*** Opening of Data supplied ***

(* Let $G$ be a finite GVZ-group with $|\mathrm{cd}(G)|=2$, and let $\phi,\chi\in\mathrm{nl}(G)$. If $[Z(\phi),G]\subseteq\ker\chi$, then $Z(\phi)=Z(\chi)$.
   Context: All groups are finite. $\mathrm{Irr}(G)$ is the set of complex irreducible characters of $G$, $\mathrm{nl}(G)$ the set of non-linear irreducible characters, and $\mathrm{cd}(G)=\{\chi(1):\chi\in\mathrm{Irr}(G)\}$. For a character $\chi$, $Z(\chi)=\{g\in G: |\chi(g)|=\chi(1)\}$. A nonabelian group $G$ is a GVZ-group if for every $\chi\in\mathrm{Irr}(G)$ we have $\chi(g)=0$ for all $g\in G\setminus Z(\chi)$. *)

From mathcomp Require Import all_boot all_order all_algebra all_fingroup all_solvable all_field all_character.
Set Implicit Arguments. Unset Strict Implicit. Unset Printing Implicit Defensive.
Import GroupScope GRing.Theory Num.Theory.
Local Open Scope ring_scope.

Definition cd (gT : finGroupType) (G : {group gT}) : seq algC :=
  undup [seq 'chi[G]_i 1%g | i <- enum (Iirr G)].

Definition GVZ (gT : finGroupType) (G : {group gT}) : Prop :=
  ~~ abelian G /\
  forall (i : Iirr G) (g : gT), g \in G -> g \notin ('Z('chi[G]_i))%CF -> 'chi[G]_i g = 0.

From mathcomp Require Import all_boot all_order all_algebra all_fingroup all_solvable all_field all_character.
Set Implicit Arguments. Unset Strict Implicit. Unset Printing Implicit Defensive.
Import GroupScope GRing.Theory Num.Theory.
Local Open Scope ring_scope.

(* In a GVZ-group every irreducible character chi satisfies chi(1)^2 = |G : Z(chi)|,
   since chi vanishes off Z(chi).  When cd(G) = {1, d}, all non-linear irreducible
   characters have degree d, so Z(phi) and Z(chi) have the same index in G.  The
   hypothesis [Z(phi), G] <= ker chi says that Z(phi)/ker chi is central in G/ker chi,
   which is Z(chi)/ker chi; hence Z(phi) <= Z(chi), and equal indices force equality. *)

Lemma seq2_mem_neq_eq (T : eqType) (s : seq T) (a b o : T) :
  size s = 2%N -> uniq s -> a \in s -> b \in s -> o \in s -> a != o -> b != o ->
  a = b.
Proof.
case: s => [|x [|y []]] //= _; rewrite !inE andbT => neq_xy.
by move=> /orP[]/eqP-> /orP[]/eqP-> /orP[]/eqP->; rewrite ?eqxx.
Qed.

Section IrrCenter.

Variables (gT : finGroupType) (G : {group gT}).

Lemma irr1_mem_cd (i : Iirr G) : 'chi[G]_i 1%g \in cd G.
Proof. by rewrite mem_undup; apply/mapP; exists i; rewrite ?mem_enum. Qed.

Lemma cfcenter_sub_of_commg (i : Iirr G) (A : {group gT}) :
  A \subset G -> [~: A, G] \subset cfker 'chi_i -> A \subset ('Z('chi_i))%CF.
Proof.
move=> sAG sAGker; apply/subsetP=> x Ax.
have Gx := subsetP sAG x Ax.
have nKx := subsetP (normal_norm (cfker_normal 'chi_i)) _ Gx.
rewrite -(quotientGK (cfker_center_normal 'chi_i)) inE nKx inE /=.
rewrite cfcenter_eq_center inE mem_quotient //=.
apply/centP=> _ /morphimP[y nKy Gy ->]; apply/commgP; rewrite -morphR //=.
by rewrite coset_id // (subsetP sAGker) ?mem_commg.
Qed.

Lemma GVZ_irr1_sqr (i : Iirr G) :
  GVZ G -> 'chi_i 1%g ^+ 2 = #|G : 'Z('chi_i)%CF|%:R.
Proof.
move=> [_ chi_vanish]; apply/eqP; rewrite irr1_bound cfun_onE.
apply/subsetP=> x; rewrite !inE; apply: contraR => notZx.
have [Gx | notGx] := boolP (x \in G); first by rewrite chi_vanish.
by rewrite cfun0.
Qed.

Lemma cd2_nonlinear_irr1_eq (i j : Iirr G) :
  size (cd G) = 2%N ->
  ~~ ('chi_i \is a linear_char) -> ~~ ('chi_j \is a linear_char) ->
  'chi_i 1%g = 'chi_j 1%g.
Proof.
move=> cd2 nlin_i nlin_j.
have irr1_neq1 k : ~~ ('chi[G]_k \is a linear_char) -> 'chi_k 1%g != 1.
  by apply: contra => chi1; rewrite qualifE /= irr_char.
apply: (seq2_mem_neq_eq cd2 (undup_uniq _) (irr1_mem_cd i) (irr1_mem_cd j) (irr1_mem_cd 0));
  by rewrite irr0 cfun11 irr1_neq1.
Qed.

Lemma GVZ_cd2_index_cfcenter_eq (i j : Iirr G) :
  GVZ G -> size (cd G) = 2%N ->
  ~~ ('chi_i \is a linear_char) -> ~~ ('chi_j \is a linear_char) ->
  #|G : 'Z('chi_i)%CF| = #|G : 'Z('chi_j)%CF|.
Proof.
move=> gvz cd2 nlin_i nlin_j; apply/eqP.
by rewrite -(eqr_nat algC) -!GVZ_irr1_sqr // (cd2_nonlinear_irr1_eq cd2 nlin_i nlin_j).
Qed.

End IrrCenter.

Theorem mainTheorem6 (gT : finGroupType) (G : {group gT}) (p c : Iirr G) :
  GVZ G -> size (cd G) = 2%N ->
  ~~ ('chi[G]_p \is a linear_char) -> ~~ ('chi[G]_c \is a linear_char) ->
  [~: ('Z('chi[G]_p))%CF, G] \subset cfker 'chi[G]_c ->
  ('Z('chi[G]_p))%CF = ('Z('chi[G]_c))%CF.
Proof.
move=> gvz cd2 nlin_p nlin_c commZp_ker.
have sZpZc := cfcenter_sub_of_commg (cfcenter_sub 'chi_p) commZp_ker.
have := Lagrange_index (cfcenter_sub 'chi_c) sZpZc.
rewrite (GVZ_cd2_index_cfcenter_eq gvz cd2 nlin_p nlin_c).
by rewrite -[RHS]muln1 => /eqP; rewrite eqn_pmul2l ?indexg_gt0 // => /eqP/(index1g sZpZc) ->.
Qed.
(* [tagged_partition] with the index-based disjointness condition replaced by
   a membership-based one; duplicated pairs are excluded by [NoDup]. *)
Definition tagged_partition_mem (a b : R) (P : list (R * R * R)) : Prop :=
  (forall p, In p P -> pu p < pv p /\ pu p <= pt p <= pv p) /\ NoDup P /\
  (forall p q, In p P -> In q P -> p <> q -> forall y,
      ~ (pu p < y < pv p /\ pu q < y < pv q)) /\
  (forall y, a <= y <= b <-> exists p, In p P /\ pu p <= y <= pv p).

Lemma tagged_partition_memE a b P : tagged_partition a b P <-> tagged_partition_mem a b P.
Proof.
  split.
  - intros [H1 [H2 H3]].
    assert (H1' : forall p, In p P -> pu p < pv p /\ pu p <= pt p <= pv p)
      by (intros [[u v] x] Hp; exact (H1 u v x Hp)).
    split; [exact H1'|]. split; [|split].
    + apply (NoDup_nth P (0,0,0)). intros i j Hi Hj Heq.
      destruct (Nat.eq_dec i j) as [|Hne]; auto. exfalso.
      specialize (H1' _ (nth_In P (0,0,0) Hi)).
      apply (H2 i j Hi Hj Hne ((pu (nth i P (0,0,0)) + pv (nth i P (0,0,0))) / 2)).
      rewrite <- Heq. unfold pu, pv in *. lra.
    + intros p q Hp Hq Hne y.
      destruct (In_nth _ _ (0,0,0) Hp) as [i [Hi <-]].
      destruct (In_nth _ _ (0,0,0) Hq) as [j [Hj <-]].
      apply H2; auto. now intros ->.
    + intros y. rewrite H3. split.
      * intros [u [v [x [Hin Hy]]]]. now exists (u, v, x).
      * intros [[[u v] x] [Hin Hy]]. now exists u, v, x.
  - intros [H1 [H2 [H3 H4]]]. split; [|split].
    + intros u v x Hin. exact (H1 _ Hin).
    + intros i j Hi Hj Hne y. apply H3; try apply nth_In; auto.
      intro Heq. apply Hne. exact (proj1 (NoDup_nth P (0,0,0)) H2 i j Hi Hj Heq).
    + intros y. rewrite H4. split.
      * intros [[[u v] x] [Hin Hy]]. now exists u, v, x.
      * intros [u [v [x [Hin Hy]]]]. now exists (u, v, x).
Qed.

Lemma partition_mem_bounds a b P : tagged_partition_mem a b P ->
  forall p, In p P -> a <= pu p /\ pv p <= b.
Proof.
  intros [H1 [_ [_ H4]]] p Hp. destruct (H1 p Hp).
  split; apply H4; exists p; split; auto; lra.
Qed.

Lemma partition_mem_single a b x : a < b -> a <= x <= b ->
  tagged_partition_mem a b ((a, b, x) :: nil).
Proof.
  intros Hab Hx. unfold pu, pv, pt. split; [|split; [|split]].
  - intros p [<-|[]]. cbn. lra.
  - repeat constructor. intros [].
  - intros p q [<-|[]] [<-|[]]. congruence.
  - intros y. split.
    + intros Hy. exists (a, b, x). cbn. auto.
    + intros [p [[<-|[]] Hy]]. exact Hy.
Qed.

Lemma partition_mem_app a b c P1 P2 : a < c -> c < b ->
  tagged_partition_mem a c P1 -> tagged_partition_mem c b P2 ->
  tagged_partition_mem a b (P1 ++ P2).
Proof.
  intros Hac Hcb HP1 HP2.
  pose proof (partition_mem_bounds _ _ _ HP1) as B1.
  pose proof (partition_mem_bounds _ _ _ HP2) as B2.
  destruct HP1 as [A1 [A2 [A3 A4]]], HP2 as [C1 [C2 [C3 C4]]].
  split; [|split; [|split]].
  - intros p Hp. apply in_app_or in Hp. destruct Hp; auto.
  - apply NoDup_app; auto. intros p Hp1 Hp2.
    specialize (B1 p Hp1). specialize (B2 p Hp2). specialize (A1 p Hp1). lra.
  - intros p q Hp Hq Hne y Hy. apply in_app_or in Hp, Hq.
    destruct Hp as [Hp|Hp], Hq as [Hq|Hq].
    + exact (A3 p q Hp Hq Hne y Hy).
    + specialize (B1 p Hp). specialize (B2 q Hq). lra.
    + specialize (B2 p Hp). specialize (B1 q Hq). lra.
    + exact (C3 p q Hp Hq Hne y Hy).
  - intros y. split.
    + intros Hy. destruct (Rle_dec y c).
      * destruct (proj1 (A4 y)) as [p [Hp Hpy]]; [lra|].
        exists p. split; auto. apply in_or_app; auto.
      * destruct (proj1 (C4 y)) as [p [Hp Hpy]]; [lra|].
        exists p. split; auto. apply in_or_app; auto.
    + intros [p [Hp Hpy]]. apply in_app_or in Hp.
      destruct Hp as [Hp|Hp]; [specialize (B1 p Hp)|specialize (B2 p Hp)]; lra.
Qed.

Lemma exists_list_argmax {A} (h : A -> R) (l : list A) : l <> nil ->
  exists p, In p l /\ forall q, In q l -> h q <= h p.
Proof.
  induction l as [|p0 l IH]; intros Hne; [congruence|].
  destruct l as [|p1 l].
  - exists p0. split; [now left|]. intros q [<-|[]]. lra.
  - destruct IH as [p [Hp Hmax]]; [discriminate|].
    destruct (Rle_dec (h p0) (h p)).
    + exists p. split; [now right|]. intros q [<-|Hq]; auto.
    + exists p0. split; [now left|]. intros q [<-|Hq]; [lra|].
      specialize (Hmax q Hq). lra.
Qed.
(* Let $1 \le r \le n/2$ be integers and let $A$ be the adjacency matrix of the subgraph of the Hamming cube $\{0,1\}^n$ induced by $S(n,r-1)\cup S(n,r)$. Then: (i) For each $0 \le t \le r-1$, $A$ has a pair of eigenvalues $\pm\gamma_t$, where $\gamma_t = \sqrt{(r-t)(n-r-t+1)}$, each of multiplicity $\binom{n}{t}-\binom{n}{t-1}$ (with $\binom{n}{-1}:=0$). In addition $A$ has eigenvalue $0$ with multiplicity $\binom{n}{r}-\binom{n}{r-1}$. (ii) Given $0\le t\le r-1$ and $\lambda\in\{-\gamma_t,\gamma_t\}$, the eigenspace $W_t(\lambda)$ of $A$ corresponding to this pair $(t,\lambda)$ is described as follows: for $f \in W_t(\lambda)$ with restrictions $f_{r-1}, f_r$ to $S(n,r-1)$ and $S(n,r)$, the function $f_{r-1}$ can be chosen arbitrarily in the $t$-th eigenspace $V_t$ of $S(n,r-1)$, in which case $f_r$ is determined by $f_r(x) = \frac{1}{\lambda}\sum_{|y|=r-1,\ y\subset x} f_{r-1}(y)$; furthermore $f_r$ lies in the $t$-th eigenspace $V_t$ of $S(n,r)$. (iii) The eigenspace $W(0)$ corresponding to the eigenvalue $0$ contains the functions which vanish on $S(n,r-1)$ and whose restriction to $S(n,r)$ lies in the $r$-th eigenspace $V_r$ of $S(n,r)$.
   Context: $\{0,1\}^n$ is the Hamming cube (vertices adjacent iff Hamming distance $1$); points are identified with subsets of $\{1,\dots,n\}$, and $|x|$ is the weight. $S(n,i)=\{x:|x|=i\}$ with inner product $\langle f,g\rangle=\sum_{x\in S(n,i)}f(x)g(x)$. For $|z|\le i$, $g_z$ on $S(n,i)$ is $1$ at $x$ if $z\subseteq x$ and $0$ otherwise; $U_j=\mathrm{span}\{g_z:|z|\le j\}$; the eigenspaces of $S(n,i)$ are $V_0=U_0$ (constants) and $V_j=U_j\cap U_{j-1}^\perp$ for $1\le j\le i$. *)

From HB Require Import structures.
From mathcomp Require Import all_boot all_order all_algebra.
Set Implicit Arguments. Unset Strict Implicit. Unset Printing Implicit Defensive.
Import Order.TTheory GRing.Theory Num.Theory.
Local Open Scope ring_scope.

(* Points of {0,1}^n are subsets of 'I_n; weight = cardinality. *)

Definition hadj n (x y : {set 'I_n}) : bool :=
  #|(x :\: y) :|: (y :\: x)| == 1%N.

Definition layers (n r : nat) : {set {set 'I_n}} :=
  [set x : {set 'I_n} | (#|x| == r.-1) || (#|x| == r)].

Definition adjmx (R : nzRingType) n r : 'M[R]_#|layers n r| :=
  \matrix_(i, j) (hadj (enum_val i) (enum_val j))%:R.

(* A (row) vector seen as a function on {0,1}^n (zero outside the layers). *)
Definition vfun (R : nzRingType) n r (v : 'rV[R]_#|layers n r|)
  (x : {set 'I_n}) : R :=
  \sum_(i < #|layers n r|) (if enum_val i == x then v 0 i else 0).

Definition restr (R : nzRingType) n r (v : 'rV[R]_#|layers n r|) (k : nat)
  (x : {set 'I_n}) : R :=
  if #|x| == k then vfun v x else 0.

Definition sdot (R : nzRingType) n (i : nat) (f g : {set 'I_n} -> R) : R :=
  \sum_(x : {set 'I_n} | #|x| == i) f x * g x.

Definition gz (R : nzRingType) (n : nat) (z x : {set 'I_n}) : R := (z \subset x)%:R.

Arguments gz R {n} z x.

(* h (viewed on S(n,i)) lies in U_j = span{g_z : |z| <= j} (with |z| <= i). *)
Definition inU (R : nzRingType) n (i j : nat) (h : {set 'I_n} -> R) : Prop :=
  exists c : {set 'I_n} -> R, forall x : {set 'I_n}, #|x| = i ->
    h x = \sum_(z : {set 'I_n} | (#|z| <= j)%N && (#|z| <= i)%N) c z * gz R z x.
(* Let $0<q<1$, let $a,b,c,d\in\mathbb{C}$ with $aq\notin\{q^{-m}:m\in\mathbb{N}\}$, let $|t|<1$ with $tc,td\notin\{q^{-m}:m\in\mathbb{N}\}$, let $n\in\mathbb{N}$ and $x=\cos\theta$, $\theta\in[0,\pi]$. Then \[ \sum_{k=0}^\infty\frac{t^k}{(q;q)_k}\,p_n(q^k;a,b;q)\,Q_k(x;c,d|q)=\frac{(tc,td;q)_\infty}{(te^{i\theta},te^{-i\theta};q)_\infty}\,{}_4\phi_3\!\left(\begin{matrix}q^{-n},\,abq^{n+1},\,te^{i\theta},\,te^{-i\theta}\\ aq,\,tc,\,td\end{matrix};q,q\right). \]
   Context: $(x;q)_k=\prod_{j=0}^{k-1}(1-xq^j)$, $(x;q)_\infty=\prod_{j\ge0}(1-xq^j)$, $(x_1,\dots,x_r;q)_k=\prod_i(x_i;q)_k$. ${}_{r}\phi_{s}\!\left(\begin{smallmatrix}a_1,\dots,a_r\\ b_1,\dots,b_s\end{smallmatrix};q,z\right)=\sum_{j\ge0}\frac{(a_1,\dots,a_r;q)_j}{(q,b_1,\dots,b_s;q)_j}\bigl((-1)^jq^{j(j-1)/2}\bigr)^{1+s-r}z^j$. Little $q$-Jacobi polynomials: $p_n(x;a,b;q)={}_2\phi_1\!\left(\begin{smallmatrix}q^{-n},abq^{n+1}\\ aq\end{smallmatrix};q,qx\right)$. Al-Salam–Chihara polynomials: $Q_n(x;c,d|q)=\frac{(cd;q)_n}{c^n}\,{}_3\phi_2\!\left(\begin{smallmatrix}q^{-n},ce^{i\theta},ce^{-i\theta}\\ cd,\,0\end{smallmatrix};q,q\right)$, $x=\cos\theta$. *)

From Stdlib Require Import Reals ClassicalEpsilon List.
Open Scope R_scope.

Definition Cpx : Type := (R * R)%type.
Definition RtoC (r : R) : Cpx := (r, 0).
Definition C0 : Cpx := (0, 0).
Definition C1 : Cpx := (1, 0).
Definition Cadd (z w : Cpx) : Cpx := (fst z + fst w, snd z + snd w).
Definition Copp (z : Cpx) : Cpx := (- fst z, - snd z).
Definition Csub (z w : Cpx) : Cpx := Cadd z (Copp w).
Definition Cmul (z w : Cpx) : Cpx :=
  (fst z * fst w - snd z * snd w, fst z * snd w + snd z * fst w).
Definition Cinv (z : Cpx) : Cpx :=
  (fst z / (fst z ^ 2 + snd z ^ 2), - snd z / (fst z ^ 2 + snd z ^ 2)).
Definition Cdiv (z w : Cpx) : Cpx := Cmul z (Cinv w).
Definition Cnorm (z : Cpx) : R := sqrt (fst z ^ 2 + snd z ^ 2).
Fixpoint Cpow (z : Cpx) (n : nat) : Cpx :=
  match n with O => C1 | S m => Cmul (Cpow z m) z end.
Definition Cexpi (th : R) : Cpx := (cos th, sin th).

Definition Cconv (u : nat -> Cpx) (l : Cpx) : Prop :=
  forall eps : R, eps > 0 -> exists N : nat, forall m : nat,
    (m >= N)%nat -> Cnorm (Csub (u m) l) < eps.
Fixpoint Csum (f : nat -> Cpx) (n : nat) : Cpx :=
  match n with O => C0 | S m => Cadd (Csum f m) (f m) end.
(* the limit of a sequence (meaningful when it converges) *)
Definition Clim (u : nat -> Cpx) : Cpx := epsilon (inhabits C0) (fun l => Cconv u l).
Definition Cseries (f : nat -> Cpx) : Cpx := Clim (Csum f).

Fixpoint qpoch (x : Cpx) (q : R) (k : nat) : Cpx :=
  match k with
  | O => C1
  | S j => Cmul (qpoch x q j) (Csub C1 (Cmul x (RtoC (q ^ j))))
  end.
Definition qpoch_inf (x : Cpx) (q : R) : Cpx := Clim (qpoch x q).
Definition qpoch_list (xs : list Cpx) (q : R) (k : nat) : Cpx :=
  fold_right (fun x acc => Cmul (qpoch x q k) acc) C1 xs.

Definition rphis (al bl : list Cpx) (q : R) (z : Cpx) : Cpx :=
  Cseries (fun j =>
    Cmul (Cdiv (qpoch_list al q j) (qpoch_list (RtoC q :: bl) q j))
      (Cmul (RtoC (powerRZ ((-1) ^ j * q ^ (Nat.div (j * (j - 1)) 2))
                   (1 + Z.of_nat (length bl) - Z.of_nat (length al))%Z))
            (Cpow z j))).

(* little q-Jacobi: p_n(x;a,b;q) = 2phi1(q^{-n}, a b q^{n+1}; a q; q, q x) *)
Definition little_qjacobi (n : nat) (x a b : Cpx) (q : R) : Cpx :=
  rphis (RtoC (/ q ^ n) :: Cmul (Cmul a b) (RtoC (q ^ (S n))) :: nil)
        (Cmul a (RtoC q) :: nil) q (Cmul (RtoC q) x).
(* Assume that a collection of nonnegative real numbers $\{\mu_n(a,k) : n\ge 0,\ a\in\{0,1\},\ k\in\mathbb{Z}\}$ satisfies, for all $n\ge 0$: (P1) for $a\in\{0,1\}$, $k\mapsto\mu_n(a,k)$ is $2^n$-periodic, i.e. $\mu_n(a,k)=\mu_n(a,k')$ whenever $k\equiv k'\pmod{2^n}$; (P2) letting $q_n$ denote an integer inverse of $3$ modulo $2^{n+1}$, for all $k\in\mathbb{Z}$ and $a\in\{0,1\}$, \[ \tfrac32\,\mu_n(a,k)=\mu_{n+1}(a,2q_nk)+\mu_{n+1}(\bar a,2q_nk-q_n)+\mu_{n+1}(a,2q_nk-2q_n), \] where $\bar a=1-a$; (P3) for all $k\in\mathbb{Z}$, $\mu_n(0,k)+\mu_n(1,k)=2^{-n}$. Then $\mu_n(a,k)=2^{-n-1}$ for all $n\ge 0$, $a\in\{0,1\}$ and $k\in\mathbb{Z}$. *)

From Stdlib Require Import Reals ZArith.
Open Scope R_scope.

(* a \in {0,1} is encoded as bool: false = 0, true = 1; bar a = negb a. *)
Definition P1 (mu : nat -> bool -> Z -> R) : Prop :=
  forall n a k k', Z.modulo k (2 ^ Z.of_nat n) = Z.modulo k' (2 ^ Z.of_nat n) ->
    mu n a k = mu n a k'.

Definition inv3_mod (n : nat) (q : Z) : Prop :=
  Z.modulo (3 * q) (2 ^ Z.of_nat (S n)) = 1%Z.

Definition P2 (mu : nat -> bool -> Z -> R) : Prop :=
  forall n q, inv3_mod n q -> forall k a,
    3 / 2 * mu n a k =
      mu (S n) a (2 * q * k)%Z + mu (S n) (negb a) (2 * q * k - q)%Z
      + mu (S n) a (2 * q * k - 2 * q)%Z.

Definition P3 (mu : nat -> bool -> Z -> R) : Prop :=
  forall n k, mu n false k + mu n true k = / 2 ^ n.

From Stdlib Require Import Reals ZArith Znumtheory Zpow_facts Lra Lia List Permutation.
Open Scope R_scope.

*** Close of Data supplied ***

Prompt:
The lines to return are those in the entries above that hold "dots".

Solution to the exercise:
   Context: $\{0,1\}^n$ is the Hamming cube (vertices adjacent iff Hamming distance $1$); points are identified with subsets of $\{1,\dots,n\}$, and $|x|$ is the weight. $S(n,i)=\{x:|x|=i\}$ with inner product $\langle f,g\rangle=\sum_{x\in S(n,i)}f(x)g(x)$. For $|z|\le i$, $g_z$ on $S(n,i)$ is $1$ at $x$ if $z\subseteq x$ and $0$ otherwise; $U_j=\mathrm{span}\{g_z:|z|\le j\}$; the eigenspaces of $S(n,i)$ are $V_0=U_0$ (constants) and $V_j=U_j\cap U_{j-1}^\perp$ for $1\le j\le i$. *)
   Context: $(x;q)_k=\prod_{j=0}^{k-1}(1-xq^j)$, $(x;q)_\infty=\prod_{j\ge0}(1-xq^j)$, $(x_1,\dots,x_r;q)_k=\prod_i(x_i;q)_k$. ${}_{r}\phi_{s}\!\left(\begin{smallmatrix}a_1,\dots,a_r\\ b_1,\dots,b_s\end{smallmatrix};q,z\right)=\sum_{j\ge0}\frac{(a_1,\dots,a_r;q)_j}{(q,b_1,\dots,b_s;q)_j}\bigl((-1)^jq^{j(j-1)/2}\bigr)^{1+s-r}z^j$. Little $q$-Jacobi polynomials: $p_n(x;a,b;q)={}_2\phi_1\!\left(\begin{smallmatrix}q^{-n},abq^{n+1}\\ aq\end{smallmatrix};q,qx\right)$. Al-Salam–Chihara polynomials: $Q_n(x;c,d|q)=\frac{(cd;q)_n}{c^n}\,{}_3\phi_2\!\left(\begin{smallmatrix}q^{-n},ce^{i\theta},ce^{-i\theta}\\ cd,\,0\end{smallmatrix};q,q\right)$, $x=\cos\theta$. *)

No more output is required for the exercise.